Tech 13 min read

ZONOS2 on an 8GB RTX 4060 Laptop (WSL2): it runs, but ~20x slower than realtime

IkesanContents

I ran Zyphra’s ZONOS2 locally on an 8GB RTX 4060 Laptop (WSL2) and got it to generate Japanese audio.
The catch: the 15.3GB weights only fit by spilling into Windows shared GPU memory, you have to override the KV-cache page count by hand, you need the CUDA toolkit for the JIT kernels, and generation lands around 1/20 of realtime. The walk-up to that result is below.

Zyphra released ZONOS2 on June 12, 2026.
It’s an MoE TTS with 8B total parameters and 900M active at inference, and the weights are on Hugging Face.
Japanese is Tier 1 alongside English and Chinese, but the comparison clips on the official blog are mostly English, and there’s no ready-made Japanese audio file to drop straight into a post.

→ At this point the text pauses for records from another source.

(* Let $m\geq 2$ be an integer, $q$ an odd prime power and $n=\frac{q^m+1}{2}$. Then the largest odd coset leader modulo $q^m+1$ is $\delta_1=n$ if $q^m\equiv 1\pmod 4$, and $\delta_1=\frac{(q-1)n}{q+1}$ if $q^m\equiv 3\pmod 4$. Moreover, $|C_{\delta_1}^{(q,q^m+1)}|=1$ if $q^m\equiv 1\pmod 4$ and $|C_{\delta_1}^{(q,q^m+1)}|=2$ if $q^m\equiv 3\pmod 4$.
   Context: $C_i^{(q,N)}=\{i,iq,iq^2,\ldots\}\bmod N$ denotes the $q$-cyclotomic coset of $i$ modulo $N$; its smallest element is its coset leader. An odd coset leader modulo $N$ is a coset leader that is an odd integer. *)

From mathcomp Require Import all_boot.
From mathcomp Require Import boolp.
Set Implicit Arguments. Unset Strict Implicit. Unset Printing Implicit Defensive.

Definition cyc_coset (q N i : nat) : {set 'I_N} :=
  [set x : 'I_N | `[< exists j : nat, nat_of_ord x = (i * q ^ j) %% N >]].

Definition coset_leader (q N i : nat) : Prop :=
  i < N /\ forall j : nat, i <= (i * q ^ j) %% N.

Definition odd_coset_leader (q N i : nat) : Prop :=
  coset_leader q N i /\ odd i.

Definition largest_odd_coset_leader (q N d : nat) : Prop :=
  odd_coset_leader q N d /\ forall i, odd_coset_leader q N i -> i <= d.

Definition prime_power (q : nat) : Prop :=
  exists p k : nat, prime p /\ 0 < k /\ q = p ^ k.

(* Since q^m = -1 modulo N = q^m + 1, the residues i q^j and i q^(j+m) of a
   coset sum to N, so a coset leader i satisfies i <= N - i, i.e. i <= N/2.
   If q^m = 1 (mod 4), then n = N/2 is odd and n q = n (mod N), so n is a
   coset leader with a singleton coset.  If q^m = 3 (mod 4), then q = 3
   (mod 4), m is odd and N = (q+1) S with S odd; n is now even, and
   d = (q-1)/2 S satisfies d q = -d (mod N), so its coset is {d, N - d}.
   An odd leader i with d < i < n is impossible: some power q^k scales
   t = n - i < S into [S, q S), and then i q^k = n - t q^k (mod N) lands
   in [0, d] or in (N - d, N), below i or above N - i. *)
From mathcomp Require Import all_boot.
From mathcomp Require Import boolp.
From mathcomp Require Import zify ring.

Set Implicit Arguments.
Unset Strict Implicit.
Unset Printing Implicit Defensive.

Lemma mulnX_orbit2 (q N x y : nat) :
  x * q = y %[mod N] -> y * q = x %[mod N] ->
  forall j, x * q ^ j = x %[mod N] \/ x * q ^ j = y %[mod N].
Proof.
move=> hxy hyx; elim=> [|j IH]; first by left; rewrite muln1.
rewrite expnSr mulnA -modnMml.
by case: IH => ->; rewrite modnMml; [right | left].
Qed.

Section Orbit2.
Variables (q N x y : nat) (ltxN : x < N) (ltyN : y < N).
Hypotheses (xq : x * q = y %[mod N]) (yq : y * q = x %[mod N]).

Lemma cyc_coset_orbit2 : cyc_coset q N x = [set Ordinal ltxN; Ordinal ltyN].
Proof.
apply/setP => z; rewrite inE !in_set2 -!val_eqE /=; apply/asboolP/idP.
  move=> [j ->]; case: (mulnX_orbit2 xq yq j) => ->;
  by rewrite modn_small ?eqxx ?orbT.
case/orP => /eqP ->; [exists 0 | exists 1].
  by rewrite muln1 modn_small.
by rewrite expn1 xq modn_small.
Qed.

Lemma card_cyc_coset_orbit2 : #|cyc_coset q N x| = (x != y).+1.
Proof. by rewrite cyc_coset_orbit2 cards2. Qed.

Lemma coset_leader_orbit2 : x <= y -> coset_leader q N x.
Proof.
move=> lexy; split=> // j.
by case: (mulnX_orbit2 xq yq j) => ->; rewrite !modn_small.
Qed.

End Orbit2.

Lemma mul_odd_mod_double (n q : nat) : odd q -> n * q = n %[mod n.*2].
Proof.
move=> oq; rewrite -[q in LHS]odd_double_half oq add1n.
by rewrite (_ : n * _ = q./2 * n.*2 + n) ?modnMDl // -!muln2; ring.
Qed.

Lemma exists_expn_scale_between (q S t : nat) : 1 < q -> 0 < t < S ->
  exists k, S <= t * q ^ k < q * S.
Proof.
move=> q_gt1 /andP[t_gt0 ltTS].
have exS : exists k, S <= t * q ^ k.
  by exists S; apply: leq_trans (ltnW (ltn_expl S q_gt1)) _; rewrite leq_pmull.
case: (ex_minnP exS) => [[|k]]; first by rewrite muln1 leqNgt ltTS.
move=> leSk minK; exists k.+1.
rewrite leSk expnSr mulnA mulnC ltn_pmul2l ?(ltnW q_gt1) // ltnNge.
by apply/negP => /minK; rewrite ltnn.
Qed.

Lemma odd_expn_mod4 (q m : nat) : odd q ->
  q ^ m %% 4 = if odd m then q %% 4 else 1.
Proof.
move=> oq; elim: m => [|m IH] //=; rewrite expnS -modnMm IH.
have : q %% 4 = 1 \/ q %% 4 = 3 by lia.
by case: (odd m) => /=; case=> ->.
Qed.

Lemma odd_expn_add1_factor (q m : nat) : odd m ->
  exists T, q ^ m + 1 = (q + 1) * (1 + (q - 1) * T).
Proof.
move=> om; rewrite -[m]odd_double_half om add1n.
elim: m./2 => [|l [T IH]]; first by exists 0; rewrite muln0 addn0 expn1 muln1.
exists (q + q ^ 2 * T).
move: IH; rewrite doubleS !expnS; set P := q ^ _ => IH; nia.
Qed.

Section CosetsModExpnAdd1.
Variables q m : nat.
Local Notation N := (q ^ m + 1).

Lemma mulnXm_mod (x : nat) : 0 < x < N -> x * q ^ m %% N = N - x.
Proof.
move=> /andP[x_gt0 ltxN].
by rewrite (_ : x * q ^ m = (x - 1) * N + (N - x)) ?modnMDl ?modn_small; nia.
Qed.

Lemma coset_leader_mod_add_le (i j : nat) :
  coset_leader q N i -> (i * q ^ j) %% N + i <= N.
Proof.
move=> [ltiN leader]; have [->|i_gt0] := posnP i; first by rewrite mul0n mod0n.
set r := _ %% N; have lei_r : i <= r := leader j.
have ltrN : r < N by rewrite /r ltn_mod addn1.
have := leader (j + m); rewrite expnD mulnA -modnMml -/r mulnXm_mod; lia.
Qed.

Lemma coset_leader_notin_gap (n S i : nat) :
  1 < q -> odd q -> N = n.*2 -> N = (q + 1) * S ->
  coset_leader q N i -> n - S < i < n -> False.
Proof.
move=> q_gt1 oq Nn NS leader /andP[gt_i lt_i].
have [k /andP[leSt ltTqS]] :=
  @exists_expn_scale_between q S (n - i) q_gt1 ltac:(apply/andP; lia).
set t := (n - i) * q ^ k in leSt ltTqS.
have nq : n * q = n %[mod N] by rewrite Nn mul_odd_mod_double.
have nqk : n * q ^ k = n %[mod N] by case: (mulnX_orbit2 nq nq k).
set r := (i * q ^ k) %% N.
have lei_r : i <= r := leader.2 k.
have ler_N := coset_leader_mod_add_le k leader.
have : (r + t) %% N = n.
  by rewrite modnDml -mulnDl subnKC ?nqk ?modn_small; lia.
case: (ltnP (r + t) N) => [ltN | leN]; first by rewrite modn_small; lia.
by rewrite -(subnK leN) modnDr modn_small; lia.
Qed.

Lemma coset_leader_le_half (i : nat) : coset_leader q N i -> i.*2 <= N.
Proof.
move=> leader; have := coset_leader_mod_add_le 0 leader.
by rewrite muln1 modn_small -?addnn //; exact: leader.1.
Qed.

Lemma half_largest_odd_coset_leader (n : nat) : odd q -> odd n -> N = n.*2 ->
  largest_odd_coset_leader q N n /\ #|cyc_coset q N n| = 1.
Proof.
move=> oq on Nn.
have ltnN : n < N by rewrite Nn; have := odd_gt0 on; lia.
have nq : n * q = n %[mod N] by rewrite Nn mul_odd_mod_double.
split; last by rewrite (card_cyc_coset_orbit2 ltnN ltnN nq nq) eqxx.
split; first by split=> //; exact: (coset_leader_orbit2 ltnN ltnN nq nq (leqnn n)).
move=> i [/coset_leader_le_half]; lia.
Qed.

Lemma three_mod4_largest_odd_coset_leader (a S : nat) :
  q = 4 * a + 3 -> N = (4 * a + 4) * S -> odd S ->
  let d := (2 * a + 1) * S in
  largest_odd_coset_leader q N d /\ #|cyc_coset q N d| = 2.
Proof.
move=> qa NS oS d; have S_gt0 := odd_gt0 oS.
set e := (2 * a + 3) * S; set n := (2 * a + 2) * S.
have ltdN : d < N by rewrite NS ltn_pmul2r //; lia.
have lteN : e < N by rewrite NS ltn_pmul2r //; lia.
have dqe : d * q = e %[mod N].
  by rewrite (_ : d * q = 2 * a * N + e) ?modnMDl // NS qa /d /e; ring.
have eqd : e * q = d %[mod N].
  by rewrite (_ : e * q = (2 * a + 2) * N + d) ?modnMDl // NS qa /d /e; ring.
split; last first.
  rewrite (card_cyc_coset_orbit2 ltdN lteN dqe eqd) (_ : d != e) //.
  by rewrite /d /e eqn_pmul2r //; lia.
have odd_d : odd d by rewrite /d oddM oS andbT oddD oddM.
split.
  split=> //; apply: (coset_leader_orbit2 ltdN lteN dqe eqd).
  by rewrite leq_pmul2r //; lia.
move=> i [leader oi]; rewrite leqNgt; apply/negP => ltdi.
have Nn : N = n.*2 by rewrite NS /n -!muln2; ring.
have n_dS : n = d + S by rewrite /n /d; ring.
have lein : i <= n by rewrite -leq_double -Nn coset_leader_le_half.
have neq_in : i != n by apply: contraTneq oi => ->; rewrite oddM oddD oddM.
apply: (coset_leader_notin_gap _ _ Nn (_ : N = (q + 1) * S) leader).
- by rewrite qa; lia.
- by rewrite qa oddD oddM.
- by rewrite NS qa; ring.
- by apply/andP; split; lia.
Qed.

End CosetsModExpnAdd1.

Theorem lemma26 (m q : nat) :
  2 <= m -> prime_power q -> odd q ->
  let N := q ^ m + 1 in
  let n := (q ^ m + 1) %/ 2 in
  (q ^ m %% 4 = 1 ->
     largest_odd_coset_leader q N n /\ #|cyc_coset q N n| = 1) /\
  (q ^ m %% 4 = 3 ->
     let d1 := (q - 1) * n %/ (q + 1) in
     largest_odd_coset_leader q N d1 /\ #|cyc_coset q N d1| = 2).
Proof.
move=> _ _ oq N n; split=> [qm1 | qm3 d1].
  by apply: half_largest_odd_coset_leader; rewrite // /n; lia.
have [q3 om] : q %% 4 = 3 /\ odd m.
  by move: qm3; rewrite odd_expn_mod4 //; case: (odd m).
have [T NT] := odd_expn_add1_factor q om.
set a := q %/ 4; set S := 1 + (q - 1) * T in NT.
have qa : q = 4 * a + 3 by rewrite /a; lia.
have q1 : q - 1 = 2 * (2 * a + 1) by lia.
have oS : odd S by rewrite /S q1 oddD -mulnA oddM.
have NS : N = (4 * a + 4) * S by rewrite /N NT qa -addnA.
have n_eq : n = (2 * a + 2) * S.
  by rewrite /n -/N NS (_ : (4 * a + 4) * S = (2 * a + 2) * S * 2) ?mulnK //; ring.
have -> : d1 = (2 * a + 1) * S.
  rewrite /d1 n_eq q1 qa.
  rewrite (_ : 2 * _ * _ = (2 * a + 1) * S * (4 * a + 3 + 1)); last by ring.
  by rewrite mulnK // addn1.
exact: three_mod4_largest_odd_coset_leader qa NS oS.
Qed.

The one Japanese sample I could find is the example sentence in the Hugging Face Space multimodalart/ZONOS2.

私は数秒の音声からどんな声でも再現できます。

That’s an example for generating on the Space, not a pre-generated audio file.
As of June 14, 2026, YouTube searches didn’t surface an easy-to-reference Japanese audio demo for ZONOS2 either; the results were mostly old Zonos v0.1 English tutorials.

ZONOS2 in brief

ZONOS2 generates DAC tokens autoregressively from text and turns them back into 44.1kHz audio.
The official blog describes it like this.

ItemDetail
Model size8B total params, 900M active
ArchitectureSparse MoE
Training audio6M+ hours
Output44.1kHz audio via DAC
Voice cloningConditioned on a 2048-dim speaker embedding (the code and config use a Qwen3 voice embedding; the official overview text says ECAPA-TDNN, which doesn’t match)
LicenseApache 2.0 per the model card
Max generationThe blog says up to 1 minute of multilingual, code-switching audio

Hugging Face’s params.json lists 28 layers, hidden dim 2048, 9 codebooks, codebook size 1024, and a max sequence length of 6144.
The MoE has 16 experts, top-k 1, with only layer 26 using top-k 2.

The main checkpoint, model.pth, is about 15.3GB.
With 15.3GB of weights and a CUDA-only implementation, the default mental model is an open-weight TTS you run on a CUDA server.

Japanese is Tier 1

The Hugging Face and GitHub READMEs split supported languages into three tiers.
Tier 1 is English, Chinese, and Japanese. Tier 2 adds Korean, Russian, Italian, Portuguese, French, Spanish, Vietnamese, German, Hebrew, and Dutch.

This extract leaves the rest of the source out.